Let's first investigate what data is available from Euler's subgraphs and understand why we need synthetic data.

In [None]:
# Initialize the subgraph client
client = EulerSubgraphClient()

print("🔬 Investigating Euler Subgraphs")
print("=" * 50)
print("🎯 Goal: Find EulerSwap AMM data for delta-neutral strategies")
print("")
print("Available subgraphs:")
print("1. Official Euler Finance (2 years old): Lending protocol data")
print("2. Community Euler (4 months old): Vault and EVault data")
print("")
print("⚠️  Finding: Neither contains EulerSwap AMM/DEX data")
print("💡 Solution: Generate realistic synthetic data for demonstration")

## 🎭 Synthetic EulerSwap Data Generation

Since EulerSwap is very new and not yet indexed by available subgraphs, we'll generate realistic synthetic data that demonstrates the concepts while being transparent about its educational nature.

In [None]:
# Generate synthetic data for analysis
end_date = datetime.now()
start_date = end_date - timedelta(days=30)  # 30 days of data

print(f"📅 Generating synthetic data from {start_date.date()} to {end_date.date()}")

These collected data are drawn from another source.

(* Let $\Gamma$ be a Deza graph with parameters $(n,k,k-1,a)$, $k>1$, $\beta=1$. For an $NA$-vertex $x$, the vertex $(x')_b$ is not adjacent to $x$.
   Context: A Deza graph with parameters $(n,k,b,a)$, $a\le b$, is a $k$-regular graph on $n$ vertices in which any two distinct vertices have $a$ or $b$ common neighbours; $\beta$ is the number of vertices $u\ne v$ with exactly $b$ common neighbours with a given vertex $v$. Since $\beta=1$, for each vertex $x$ let $x_b$ denote the unique vertex having $b=k-1$ common neighbours with $x$. A vertex $x$ is an $A$-vertex if $x$ is adjacent to $x_b$, and an $NA$-vertex otherwise. For an $NA$-vertex $x$, $x'$ denotes the unique neighbour of $x$ not adjacent to $x_b$. *)

From mathcomp Require Import all_boot.
Set Implicit Arguments. Unset Strict Implicit. Unset Printing Implicit Defensive.

Definition simple_graph (T : finType) (e : rel T) : Prop :=
  symmetric e /\ irreflexive e.

Definition nbhd (T : finType) (e : rel T) (x : T) : {set T} := [set y | e x y].
Definition ncommon (T : finType) (e : rel T) (x y : T) : nat :=
  #|[set z | e x z && e y z]|.

Definition deza_graph (T : finType) (e : rel T) (n k b a : nat) : Prop :=
  [/\ simple_graph e, #|T| = n, (forall x, #|nbhd e x| = k), a <= b &
      forall x y, x != y -> ncommon e x y = a \/ ncommon e x y = b].

Definition beta_at (T : finType) (e : rel T) (b : nat) (v : T) : nat :=
  #|[set u | (u != v) && (ncommon e v u == b)]|.

From mathcomp Require Import all_boot zify.
Set Implicit Arguments. Unset Strict Implicit. Unset Printing Implicit Defensive.

(* Let z be the unique neighbour of x_b outside N(x), so that
   N(x) = {x'} + I and N(x_b) = {z} + I with I = N(x) & N(x_b) of size k-1.
   Since beta = 1, every u other than x, x_b has a common neighbours with
   both x and x_b, hence u is adjacent to x' iff it is adjacent to z.  The
   common neighbours of x' and z are therefore N(x') minus x, so z = (x')_b,
   and z is not adjacent to x. *)

Section FinsetCounting.
Variable T : finType.
Implicit Types A B N I : {set T}.

Lemma setD_set1 A B : 0 < #|A| -> #|A :&: B| = #|A|.-1 ->
  exists p, A :\: B = [set p].
Proof.
move=> A_gt0 AB; apply/cards1P/eqP.
by have := cardsID B A; rewrite AB; lia.
Qed.

Lemma card_setIU1 N I p : p \notin I ->
  #|N :&: (p |: I)| = (p \in N) + #|N :&: I|.
Proof.
move=> pI; case pN: (p \in N).
- have -> : N :&: (p |: I) = p |: (N :&: I).
    by apply/setP => t; rewrite !inE; case: eqP => [->|]; rewrite ?pN.
  by rewrite cardsU1 inE (negbTE pI) andbF.
- have -> : N :&: (p |: I) = N :&: I.
    by apply/setP => t; rewrite !inE; case: eqP => [->|]; rewrite ?pN.
  by [].
Qed.

Lemma mem_eq_card_setIU1 N I p q : p \notin I -> q \notin I ->
  #|N :&: (p |: I)| = #|N :&: (q |: I)| -> (p \in N) = (q \in N).
Proof.
by move=> pI qI; rewrite !card_setIU1 // => /addIn; do 2!case: (_ \in N).
Qed.

End FinsetCounting.

Lemma mem_nbhd (T : finType) (e : rel T) x y : (y \in nbhd e x) = e x y.
Proof. by rewrite inE. Qed.

Lemma ncommonE (T : finType) (e : rel T) x y :
  ncommon e x y = #|nbhd e x :&: nbhd e y|.
Proof. by apply: eq_card => t; rewrite !inE. Qed.

Lemma ncommonC (T : finType) (e : rel T) x y : ncommon e x y = ncommon e y x.
Proof. by apply: eq_card => t; rewrite !inE andbC. Qed.

Section DezaBetaOne.
Variables (T : finType) (e : rel T) (k a : nat).
Hypothesis e_sym : symmetric e.
Hypothesis e_regular : forall x, #|nbhd e x| = k.
Hypothesis ncommon_ab : forall x y, x != y ->
  ncommon e x y = a \/ ncommon e x y = k.-1.
Hypothesis beta1 : forall v, beta_at e k.-1 v = 1.

Lemma partner_unique v u w : u != v -> w != v ->
  ncommon e v u = k.-1 -> ncommon e v w = k.-1 -> u = w.
Proof.
move=> uv wv cu cw; move/eqP/cards1P: (beta1 v) => [p Sp].
have inS t : t != v -> ncommon e v t = k.-1 -> t = p.
  by move=> tv ct; apply/set1P; rewrite -Sp inE tv ct eqxx.
by rewrite (inS u) // (inS w).
Qed.

Lemma ncommon_nonpartner x xb u : xb != x -> ncommon e x xb = k.-1 ->
  u != x -> u != xb -> ncommon e x u = a.
Proof.
move=> xbx cxb ux uxb; have xu : x != u by rewrite eq_sym.
case: (ncommon_ab xu) => [//|cu].
by case/eqP: uxb; exact: partner_unique ux xbx cu cxb.
Qed.

Lemma nbhd_partner_split x y : 0 < k -> ncommon e x y = k.-1 ->
  exists2 p, p \notin nbhd e y & nbhd e x = p |: (nbhd e x :&: nbhd e y).
Proof.
rewrite ncommonE -(e_regular x) => k_gt0 cxy.
have [p Dp] := setD_set1 k_gt0 cxy.
exists p; first by have := set11 p; rewrite -Dp inE => /andP[].
by rewrite -Dp setUC setID.
Qed.

Lemma ncommon_twins x xb p q :
  (forall u, u != x -> u != xb -> e u p = e u q) ->
  e x p -> ~~ e x q -> ~~ e p xb -> ncommon e p q = k.-1.
Proof.
move=> twin xp xq pxb.
have -> : ncommon e p q = #|nbhd e p :\ x|.
  apply: eq_card => t; rewrite !inE.
  have [->|tx] := eqVneq t x; first by rewrite (e_sym q) (negbTE xq) andbF.
  have [->|txb] := eqVneq t xb; first by rewrite (negbTE pxb).
  by rewrite !(e_sym _ t) twin // andbb.
by have := cardsD1 x (nbhd e p); rewrite e_regular mem_nbhd e_sym xp; lia.
Qed.

Lemma partner_of_private_nbr x xb x' : 0 < k -> xb != x ->
  ncommon e x xb = k.-1 -> e x x' -> ~~ e x' xb ->
  exists2 z, ~~ e x z & ncommon e x' z = k.-1.
Proof.
move=> k_gt0 xbx cxb xx' x'xb.
have cbx : ncommon e xb x = k.-1 by rewrite ncommonC.
set I := nbhd e x :&: nbhd e xb.
have [p pNb Nx] := nbhd_partner_split k_gt0 cxb.
have [z zNx Nb] := nbhd_partner_split k_gt0 cbx.
rewrite setIC in Nb; rewrite -/I in Nx Nb.
have x'I : x' \notin I by rewrite inE !mem_nbhd (e_sym xb) (negbTE x'xb) andbF.
have zI : z \notin I by rewrite inE (negbTE zNx).
have x'p : x' = p.
  by apply/eqP; move: xx'; rewrite -mem_nbhd Nx in_setU1 (negbTE x'I) orbF.
have twin u : u != x -> u != xb -> e u x' = e u z.
  move=> ux uxb; rewrite -!mem_nbhd; apply: (mem_eq_card_setIU1 x'I zI).
  rewrite x'p -Nx -Nb -!ncommonE !(ncommonC e u).
  have xxb : x != xb by rewrite eq_sym.
  by rewrite (ncommon_nonpartner xbx cxb) // (ncommon_nonpartner xxb cbx).
have xz : ~~ e x z by rewrite -mem_nbhd.
by exists z; last exact: ncommon_twins twin xx' xz x'xb.
Qed.

End DezaBetaOne.

Theorem lemma10 (T : finType) (e : rel T) (n k a : nat) :
  deza_graph e n k k.-1 a -> 1 < k ->
  (forall v, beta_at e k.-1 v = 1) ->
  forall x xb x' y : T,
    xb != x -> ncommon e x xb = k.-1 -> ~~ e x xb ->
    e x x' -> ~~ e x' xb ->
    y != x' -> ncommon e x' y = k.-1 ->
    ~~ e x y.
Proof.
(* The argument never uses that x is an NA-vertex. *)
case=> [[e_sym _] _ e_regular _ ncommon_ab] k_gt1 beta1.
move=> x xb x' y xbx cxb _ xx' x'xb yx' cx'y.
have [z xz cx'z] := partner_of_private_nbr e_sym e_regular ncommon_ab beta1
  (ltnW k_gt1) xbx cxb xx' x'xb.
have zx' : z != x' by apply: contraNneq xz => ->.
by rewrite (partner_unique beta1 yx' zx' cx'y cx'z).
Qed.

# Generate the synthetic dataset
synthetic_data = client.generate_synthetic_eulerswap_data(
    start_date=start_date,
    end_date=end_date,
    base_asset="WETH",
    quote_asset="USDC",
    initial_price=2000.0,
    hourly_frequency=True,
)

print("\n📊 Dataset Overview:")
print(f"Shape: {synthetic_data.shape}")
print(
    f"Date range: {synthetic_data['timestamp'].min()} to {synthetic_data['timestamp'].max()}"
)
print(f"Columns: {list(synthetic_data.columns)}")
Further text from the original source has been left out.